Мужчина ушел. Поль сел за стол. Положил перед собой книгу в мягкой, истершейся, а по краям порвавшейся кожаной обложке, открыл. «Лорим» – стояло вверху имя автора, а посередине название – «Беседы с мастером осознания». Поль не знал, кто такой Лорим и, перевернув страницу, прочел: «Вот учитель, вот ученик, между ними дорога. Когда ученик осознает учителя, он становится на его путь, чтобы следовать ему, и только любовь даст силы дойти до конца…»

Поль читал книгу весь вечер и всю ночь. Он ничего не воспринимал вокруг, не слышал, как матушка позвала ужинать, не видел, как подошел отец, посмотрев на него, поставил на стол лампу, потому что стемнело. Когда с рассветом он закончил читать и перевернул последний лист, в нем со всей ясностью проявилось чувство, что крепло от страницы к странице. Поль посмотрел в окно. Восходящее солнце осветило лицо, забралось в глаза. Он закрыл их, а солнце осталось. Золотым пятном на темном фоне с плавающими искорками. Таким же светом сияла в нем прочтенная книга, а возникшее чувство говорило, что он нужен Лориму.

«Почему так, – думал Поль, – почему это случилось именно со мной, а может, я сам себя обманываю и совсем не нужен учителю?» Да, внутри он уже называл его учителем, потому что так чувствовало чистое сердце, а Поль всегда ему верил – сердцу незачем лгать. «Как мне быть?» – спрашивал Поль у сердца, что так безудержно рвалось к учителю. Перед внутренним взором разворачивалась дорога. «Вот учитель, вот ученик, между ними дорога. Когда ученик осознает учителя, он становится на его путь», – звучали слова, что являлись ответом. Поль встал из-за стола, глянул прямо на поднявшееся солнце. От нестерпимого света из глаз побежали слезы, но Поль продолжал смотреть, а мир лучился миллионами радужных стрел. «Я иду», – прошептал Поль и сделал шаг навстречу запредельному сиянию, что разгоралось впереди.

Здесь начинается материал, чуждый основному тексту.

Section ExpIdentity.
Variables (R : nzRingType) (m : nat).
Hypothesis expR : forall a : R, a ^+ m.+2 = a.

Lemma sqr_eq0 (a : R) : a * a = 0 -> a = 0.
Proof. by move=> aa0; rewrite -(expR a) !exprSr -mulrA aa0 mulr0. Qed.

(* For an idempotent e, both e x (1 - e) and (1 - e) x e square to zero. *)
Lemma idem_central (e x : R) : e * e = e -> e * x = x * e.
Proof.
move=> ee.
have e_1e : e * (1 - e) = 0 by rewrite mulrBr mulr1 ee subrr.
have _1e_e : (1 - e) * e = 0 by rewrite mulrBl mul1r ee subrr.
have /sqr_eq0 : e * x * (1 - e) * (e * x * (1 - e)) = 0.
  by rewrite !mulrA -[e * x * (1 - e) * e]mulrA _1e_e mulr0 !mul0r.
have /sqr_eq0 : (1 - e) * x * e * ((1 - e) * x * e) = 0.
  by rewrite !mulrA -[(1 - e) * x * e * (1 - e)]mulrA e_1e mulr0 !mul0r.
rewrite !mulrBl !mul1r => /subr0_eq xe_exe.
by rewrite mulrBr mulr1 => /subr0_eq ->.
Qed.

Lemma exp_idem (a : R) : a ^+ m.+1 * a ^+ m.+1 = a ^+ m.+1.
Proof. by rewrite -exprD addSnnS exprD expR -exprSr. Qed.
End ExpIdentity.

Definition prim_idem (R : finNzRingType) : {set R} :=
  [set e : R | [&& e * e == e, e != 0 &
    [forall f : R, (f * f == f) && (f * e == f) ==> (f == 0) || (f == e)]]].

Lemma prim_idemP (R : finNzRingType) (e : R) :
  reflect [/\ e * e = e, e != 0 &
           forall f, f * f = f -> f * e = f -> f = 0 \/ f = e]
          (e \in prim_idem R).
Proof.
rewrite inE; apply: (iffP and3P) => [[/eqP ee e0 /forallP minE] | [ee e0 minE]].
  split=> // f ff fe; have := minE f; rewrite ff fe !eqxx /=.
  by case/orP=> /eqP; [left | right].
split=> //; first exact/eqP.
apply/forallP=> f; apply/implyP=> /andP[/eqP ff /eqP fe].
by case: (minE f ff fe) => ->; rewrite eqxx ?orbT.
Qed.

Section PrimitiveIdempotents.
Variables (R : finNzRingType) (m : nat).
Hypothesis expR : forall a : R, a ^+ m.+2 = a.

Lemma prim_idem_central (e : R) : e \in prim_idem R -> forall x, e * x = x * e.
Proof. by case/prim_idemP=> ee _ _ x; apply: (idem_central expR). Qed.

Lemma prim_idem_orth (e f : R) :
  e \in prim_idem R -> f \in prim_idem R -> e != f -> e * f = 0.
Proof.
move=> /prim_idemP[ee _ minE] /prim_idemP[ff _ minF] e_neq_f.
have efe : e * f * e = e * f by rewrite -mulrA (idem_central expR e ff) mulrA ee.
have efef : e * f * (e * f) = e * f by rewrite mulrA efe -mulrA ff.
have eff : e * f * f = e * f by rewrite -mulrA ff.
case: (minE _ efef efe) => // ef_e; case: (minF _ efef eff) => // ef_f.
by rewrite -ef_e ef_f eqxx in e_neq_f.
Qed.

Lemma prim_idem_exp (e x : R) :
  e \in prim_idem R -> x * e = x -> x != 0 -> x ^+ m.+1 = e.
Proof.
move=> /prim_idemP[_ _ minE] xe x_neq0.
have xm_neq0 : x ^+ m.+1 != 0.
  by apply: contraNneq x_neq0 => xm0; rewrite -(expR x) exprSr xm0 mul0r.
have xme : x ^+ m.+1 * e = x ^+ m.+1 by rewrite exprSr -mulrA xe.
by case: (minE _ (exp_idem expR x) xme) => // xm0; rewrite xm0 eqxx in xm_neq0.
Qed.

Lemma prim_idem_below (c : R) :
  c * c = c -> c != 0 -> exists2 e, e \in prim_idem R & e * c = e.
Proof.
move: {2}#|[pred x : R | x * c == x]| (leqnn #|[pred x : R | x * c == x]|) => n.
elim: n c => [|n IHn] c.
  by rewrite leqn0 => /eqP/card0_eq/(_ c); rewrite !inE => /negbT/eqP.
move=> le_n cc c_neq0.
have [cP | ] := boolP (c \in prim_idem R); first by exists c.
rewrite inE cc eqxx c_neq0 /= => /forallPn[f].
rewrite negb_imply => /andP[/andP[/eqP ff /eqP fc] /norP[f_neq0 f_neq_c]].
have [|e eP ef] := IHn f _ ff f_neq0; last by exists e; rewrite // -ef -mulrA fc.
rewrite -ltnS; apply: leq_trans le_n; apply/proper_card/properP; split.
  by apply/subsetP=> x; rewrite !inE => /eqP xf; rewrite -xf -mulrA fc.
by exists c; rewrite !inE ?cc // -(idem_central expR c ff) fc.
Qed.

(* 1 - (sum of the primitive idempotents) is an idempotent with no primitive
   idempotent below it. *)
Lemma sum_prim_idem : \sum_(e in prim_idem R) e = 1.
Proof.
set s := \sum_(e in prim_idem R) e.
have es e : e \in prim_idem R -> e * s = e.
  move=> eP; rewrite mulr_sumr (bigD1 e) //= big1 ?addr0.
    by case/prim_idemP: eP.
  by move=> f /andP[fP fe]; apply: prim_idem_orth; rewrite // eq_sym.
have ss : s * s = s.
  rewrite {2}/s mulr_sumr; apply: eq_bigr => e eP.
  by rewrite -prim_idem_central ?es.
have cc : (1 - s) * (1 - s) = 1 - s.
  by rewrite mulrBl mul1r mulrBr mulr1 ss subrr subr0.
have [/subr0_eq // | c_neq0] := eqVneq (1 - s) 0.
have [e eP] := prim_idem_below cc c_neq0.
rewrite mulrBr mulr1 es // subrr => /esym/eqP.
by case/prim_idemP: eP => _ /negPf ->.
Qed.
End PrimitiveIdempotents.

Section CornerField.
Variables (R : finNzRingType) (m : nat).
Hypothesis expR : forall a : R, a ^+ m.+2 = a.
Variables (e : R) (eP : e \in prim_idem R).

Let eC := prim_idem_central expR eP.
Let ee : e * e = e. Proof. by case/prim_idemP: eP. Qed.
Let e_neq0 : e != 0. Proof. by case/prim_idemP: eP. Qed.
Local Notation eR := (corner eC ee e_neq0).
HB.instance Definition _ := Finite.on eR.

Lemma corner_expS (x : eR) : x != 0 -> x ^+ m.+1 = 1.
Proof.
move=> x_neq0; apply: val_inj; rewrite corner_valX corner_val1.
by apply: prim_idem_exp; rewrite ?corner_mule ?corner_val_eq0.
Qed.

Definition corner_inv (x : eR) := if x == 0 then 0 else x ^+ m.
Definition corner_unit := [pred x : eR | x != 0].

Fact corner_mulVr : {in corner_unit, left_inverse 1 corner_inv *%R}.
Proof.
by move=> x x_neq0; rewrite /corner_inv (negPf x_neq0) -exprSr corner_expS.
Qed.
Fact corner_mulrV : {in corner_unit, right_inverse 1 corner_inv *%R}.
Proof.
by move=> x x_neq0; rewrite /corner_inv (negPf x_neq0) -exprS corner_expS.
Qed.
Fact corner_unitP (x y : eR) : y * x = 1 /\ x * y = 1 -> corner_unit x.
Proof.
by case=> _ xy1; apply: contra_eq_neq xy1 => ->; rewrite mul0r eq_sym oner_neq0.
Qed.
Fact corner_inv_out : {in [predC corner_unit], corner_inv =1 id}.
Proof. by move=> x; rewrite inE /= negbK /corner_inv => /eqP->; rewrite eqxx. Qed.
HB.instance Definition _ := GRing.NzRing_hasMulInverse.Build eR
  corner_mulVr corner_mulrV corner_unitP corner_inv_out.

Fact corner_domain : GRing.integral_domain_axiom eR.
Proof.
move=> x y xy0; apply/orP.
have [x0 | x_neq0] := eqVneq x 0; [by left; apply/eqP | right].
by rewrite -(mulKr (x_neq0 : x \is a GRing.unit) y) xy0 mulr0.
Qed.
HB.instance Definition _ := GRing.PzRing_hasCommutativeMul.Build eR
  (finDomain_mulrC corner_domain).
HB.instance Definition _ := GRing.ComUnitRing_isIntegral.Build eR corner_domain.
HB.instance Definition _ := GRing.UnitRing_isField.Build eR
  (finDomain_field corner_domain).

Definition corner_field : finFieldType := eR.
Definition corner_field_proj (x : R) : corner_field := corner_proj eC ee e_neq0 x.

Lemma corner_field_expS (x : corner_field) : x != 0 -> x ^+ m.+1 = 1.
Proof. exact: corner_expS. Qed.
End CornerField.

Section FinFieldExp.
Variable F : finFieldType.

Lemma dvdn_pred_card_unity (d : nat) :
  (forall x : F, x != 0 -> x ^+ d = 1) -> (#|F|.-1 %| d)%N.
Proof.
move=> unity; have /cyclicP[u Hu] := field_unit_group_cyclic [set: {unit F}]%G.
rewrite -card_finField_unit Hu -orderE order_dvdn; apply/eqP/val_inj.
by rewrite FinRing.val_unitX unity // -unitfE (valP u).
Qed.
Lemma soc0_set_power0 :
  \sum_(j < N) phi0 y j * soc0 D x' j
  = \sum_(j < N) phi0 y j * soc0 D x j + phi0 y i * (dD / xiD D i - xiC D i * dC).
Proof.
rewrite (sumr_update (fun j => phi0 y j * soc0 D x j) i).
  by rewrite /soc0 /soc_val /= eqxx; ring.
by move=> j /negbTE; rewrite /soc0 /= => ->.
Qed.

Lemma con0_set_power0 q :
  \sum_(j < N) mu0 y q j * con0 D x' q j
  = \sum_(j < N) mu0 y q j * con0 D x q j + mu0 y q i * (ineq_dgC q * dC + ineq_dgD q * dD).
Proof.
rewrite (sumr_update (fun j => mu0 y q j * con0 D x q j) i).
  by rewrite -mulrBr /con0 /= eqxx ineq_valB_cur.
by move=> j /negbTE; rewrite /con0 /= => ->.
Qed.

Lemma cons_set_power0 q :
  \sum_(j < N) \sum_(k < K) \sum_(1 <= s < win D) mus y q j k s * cons D x' q j k s
  = \sum_(j < N) \sum_(k < K) \sum_(1 <= s < win D) mus y q j k s * cons D x q j k s
    + (if (1 < win D)%N
       then (\sum_(k < K) mus y q i k 1) * (ineq_dgCp q * dC + ineq_dgDp q * dD) else 0).
Proof.
rewrite (@sumr_update _ _ _
  (fun j => \sum_(k < K) \sum_(1 <= s < win D) mus y q j k s * cons D x q j k s) i); last first.
  move=> j /negbTE ji; apply: eq_bigr => k _; apply: eq_bigr => s _.
  by rewrite /cons /ngC /ngD /= ji.
congr (_ + _); rewrite -sumrB; case: ltnP => [W2 | W1]; last first.
  by rewrite big1 // => k _; rewrite !big_geq // subrr.
rewrite mulr_suml; apply: eq_bigr => k _.
rewrite (big_ltn W2) [X in _ - X](big_ltn W2).
have -> : \sum_(2 <= s < win D) mus y q i k s * cons D x' q i k s
        = \sum_(2 <= s < win D) mus y q i k s * cons D x q i k s.
  apply: eq_big_nat => s /andP [s2 _].
  by rewrite /cons /ngC /ngD /=; case: s s2 => [|[|s]].
by rewrite opprD addrACA subrr addr0 -mulrBr /cons /ngC /ngD /= eqxx ineq_valB_prev.
Qed.

Lemma ineq_terms_set_power0 :
  \sum_(q <- ineqs) ineq_terms D x' y q
  = \sum_(q <- ineqs) ineq_terms D x y q
    + dC * (mu0 y PCu i - mu0 y PCl i - DeltaC (win D) y i)
    + dD * (mu0 y PDu i - mu0 y PDl i - DeltaD (win D) y i).
Proof.
under eq_bigr do rewrite /ineq_terms con0_set_power0 cons_set_power0 addrACA.
rewrite big_split /= -!addrA; congr (_ + _).
rewrite /ineqs /DeltaC /DeltaD !big_cons big_nil /=.
by case: (1 < win D)%N; rewrite ?sumrB; ring.
Qed.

А в душе рождались строки о том, чему еще предстояло исполниться:

«Мое сердце в ладонях твоих,

Ты его раздели на двоих.

В моем сердце сиянье любви,

Ты меня от себя не гони.

Я приду, и утихнет вся боль,

Мы пойдем по дороге с тобой.

Я сыграю забытую роль,

Ты познаешь – мы крови одной».

***

Этим утром Поль не стал ждать, когда проснутся родители, взял мольберт с красками и пошел в школу искусств. Он пришел раньше всех. Высокие двери красивого старинного здания оказались закрытыми. Он сел на лавочку в скверике перед школой и стал ждать. Минут через пять дверь приоткрылась, из нее выглянул старый сторож Сорон. Он был настолько стар, что никто не помнил его молодым. Он глянул на мальчика и поманил скрюченным пальцем. Что-то дрогнуло в душе Поля. Мальчишки в школе боялись Сорона, хоть иногда подстраивали ему всякие каверзы. Поль не являлся исключением – он тоже побаивался сторожа, слишком тот был стар и непонятен. Но не сидеть же, когда тебя зовут. Поль поднялся и нехотя двинулся к приоткрытой двери. Сорон отодвинулся в сторону, пропуская Поля, и тот вошел. Дверь за спиной захлопнулась, гулко лязгнул засов. Поль оказался в привычном полумраке. Знакомые запахи масляных красок, дерева и пыльных холстов, что рулонами лежали под лестницей, окружили его. Там же, под лестницей, находилась приоткрытая дверца в небольшую комнатку сторожа. К ней и подтолкнул Сорон замершего мальчишку. Поль вошел. Он был здесь впервые. Вдоль стены стояла узкая тахта, заправленная шерстяным одеялом. Рядом с ней низкий столик. На нем плетеная корзинка с булочками, чайник и две большие кружки с горячим напитком. Аромат чая и свежей выпечки достиг носа Поля, и тот сразу вспомнил, что не завтракал. Сорон кивнул на тахту. Поль опустил на пол мольберт и сел, посмотрел в окно. Из него прекрасно просматривалась аллея с лавочками.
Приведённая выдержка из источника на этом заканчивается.